Source data |
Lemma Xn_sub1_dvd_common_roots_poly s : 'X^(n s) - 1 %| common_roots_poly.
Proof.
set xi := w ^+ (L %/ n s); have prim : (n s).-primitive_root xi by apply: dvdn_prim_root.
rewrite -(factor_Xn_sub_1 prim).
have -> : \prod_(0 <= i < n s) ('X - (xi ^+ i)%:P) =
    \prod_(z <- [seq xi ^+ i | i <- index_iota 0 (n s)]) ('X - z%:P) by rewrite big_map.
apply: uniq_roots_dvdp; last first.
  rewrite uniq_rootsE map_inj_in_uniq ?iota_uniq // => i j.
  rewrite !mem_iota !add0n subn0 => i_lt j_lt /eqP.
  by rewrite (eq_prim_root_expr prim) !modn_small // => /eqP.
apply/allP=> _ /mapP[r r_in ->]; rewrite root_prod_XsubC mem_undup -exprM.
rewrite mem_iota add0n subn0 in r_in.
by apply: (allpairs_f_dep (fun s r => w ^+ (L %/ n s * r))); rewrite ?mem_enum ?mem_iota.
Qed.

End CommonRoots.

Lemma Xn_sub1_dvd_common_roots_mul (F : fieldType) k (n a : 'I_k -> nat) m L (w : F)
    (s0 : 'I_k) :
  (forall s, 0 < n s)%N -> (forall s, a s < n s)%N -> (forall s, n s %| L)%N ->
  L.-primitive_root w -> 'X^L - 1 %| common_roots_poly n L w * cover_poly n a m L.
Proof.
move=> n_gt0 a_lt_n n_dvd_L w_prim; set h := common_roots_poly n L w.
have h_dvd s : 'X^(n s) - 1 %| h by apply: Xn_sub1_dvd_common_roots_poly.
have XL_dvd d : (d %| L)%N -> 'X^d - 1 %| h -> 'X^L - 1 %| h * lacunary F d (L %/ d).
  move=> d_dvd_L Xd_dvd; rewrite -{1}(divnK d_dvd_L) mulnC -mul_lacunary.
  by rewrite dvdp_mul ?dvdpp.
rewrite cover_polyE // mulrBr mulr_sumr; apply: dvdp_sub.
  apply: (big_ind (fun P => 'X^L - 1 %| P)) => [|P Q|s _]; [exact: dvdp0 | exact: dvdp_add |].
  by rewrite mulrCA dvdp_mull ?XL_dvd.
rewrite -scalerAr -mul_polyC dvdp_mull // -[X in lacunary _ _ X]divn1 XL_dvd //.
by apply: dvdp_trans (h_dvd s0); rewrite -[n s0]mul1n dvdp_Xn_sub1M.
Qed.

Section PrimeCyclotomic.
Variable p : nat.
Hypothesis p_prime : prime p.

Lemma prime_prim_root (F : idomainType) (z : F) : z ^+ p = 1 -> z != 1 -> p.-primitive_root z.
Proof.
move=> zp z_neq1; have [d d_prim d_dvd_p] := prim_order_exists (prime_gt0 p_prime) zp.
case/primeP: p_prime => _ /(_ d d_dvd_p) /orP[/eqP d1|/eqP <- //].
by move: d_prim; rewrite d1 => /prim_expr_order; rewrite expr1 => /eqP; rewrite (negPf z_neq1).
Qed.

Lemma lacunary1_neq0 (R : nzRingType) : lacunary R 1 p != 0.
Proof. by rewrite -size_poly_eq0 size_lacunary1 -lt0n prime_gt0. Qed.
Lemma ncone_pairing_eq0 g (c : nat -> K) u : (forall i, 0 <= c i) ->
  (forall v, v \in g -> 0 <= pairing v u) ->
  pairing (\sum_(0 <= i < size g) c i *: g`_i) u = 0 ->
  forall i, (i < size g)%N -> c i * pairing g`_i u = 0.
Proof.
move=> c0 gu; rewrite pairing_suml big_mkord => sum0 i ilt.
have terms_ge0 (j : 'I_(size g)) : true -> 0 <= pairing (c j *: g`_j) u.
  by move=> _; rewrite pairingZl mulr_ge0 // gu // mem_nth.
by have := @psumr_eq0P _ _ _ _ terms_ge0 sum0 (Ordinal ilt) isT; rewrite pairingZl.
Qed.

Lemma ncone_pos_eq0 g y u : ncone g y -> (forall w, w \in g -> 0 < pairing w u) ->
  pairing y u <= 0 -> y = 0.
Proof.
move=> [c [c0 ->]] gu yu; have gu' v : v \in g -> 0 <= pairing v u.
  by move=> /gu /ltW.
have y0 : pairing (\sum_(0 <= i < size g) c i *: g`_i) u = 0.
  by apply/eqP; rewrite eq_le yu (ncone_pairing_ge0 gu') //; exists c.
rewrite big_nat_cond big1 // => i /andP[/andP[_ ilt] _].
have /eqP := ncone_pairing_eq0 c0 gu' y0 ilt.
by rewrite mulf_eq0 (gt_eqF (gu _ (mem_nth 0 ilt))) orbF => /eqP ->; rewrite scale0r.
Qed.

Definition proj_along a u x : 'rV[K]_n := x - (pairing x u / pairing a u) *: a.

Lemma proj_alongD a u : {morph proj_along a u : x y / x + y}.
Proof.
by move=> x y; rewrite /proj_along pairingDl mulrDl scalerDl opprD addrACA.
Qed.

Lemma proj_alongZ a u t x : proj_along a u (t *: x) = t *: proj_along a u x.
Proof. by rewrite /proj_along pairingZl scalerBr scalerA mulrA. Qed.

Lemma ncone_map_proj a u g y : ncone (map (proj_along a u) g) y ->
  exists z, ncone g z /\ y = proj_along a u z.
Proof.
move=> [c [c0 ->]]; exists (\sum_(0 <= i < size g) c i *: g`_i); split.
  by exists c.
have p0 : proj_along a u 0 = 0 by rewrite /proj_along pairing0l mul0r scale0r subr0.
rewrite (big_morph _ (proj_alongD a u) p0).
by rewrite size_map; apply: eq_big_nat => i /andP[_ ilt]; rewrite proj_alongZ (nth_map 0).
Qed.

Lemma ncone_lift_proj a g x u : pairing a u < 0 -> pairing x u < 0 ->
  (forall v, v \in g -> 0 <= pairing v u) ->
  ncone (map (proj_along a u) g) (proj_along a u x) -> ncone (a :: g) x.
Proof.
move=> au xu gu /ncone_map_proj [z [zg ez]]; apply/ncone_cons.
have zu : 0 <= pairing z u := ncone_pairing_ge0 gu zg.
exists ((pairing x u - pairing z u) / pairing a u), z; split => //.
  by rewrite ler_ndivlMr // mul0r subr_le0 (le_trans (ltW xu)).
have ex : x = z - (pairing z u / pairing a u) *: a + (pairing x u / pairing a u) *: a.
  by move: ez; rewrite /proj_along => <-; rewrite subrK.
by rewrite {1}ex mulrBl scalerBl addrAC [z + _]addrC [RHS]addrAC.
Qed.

What needs to be done | From the records above, pull every line that carries the word "forall".

Response to the task |
  (forall s, 0 < n s)%N -> (forall s, a s < n s)%N -> (forall s, n s %| L)%N ->
Lemma ncone_pairing_eq0 g (c : nat -> K) u : (forall i, 0 <= c i) ->
  (forall v, v \in g -> 0 <= pairing v u) ->
  forall i, (i < size g)%N -> c i * pairing g`_i u = 0.
Lemma ncone_pos_eq0 g y u : ncone g y -> (forall w, w \in g -> 0 < pairing w u) ->
  (forall v, v \in g -> 0 <= pairing v u) ->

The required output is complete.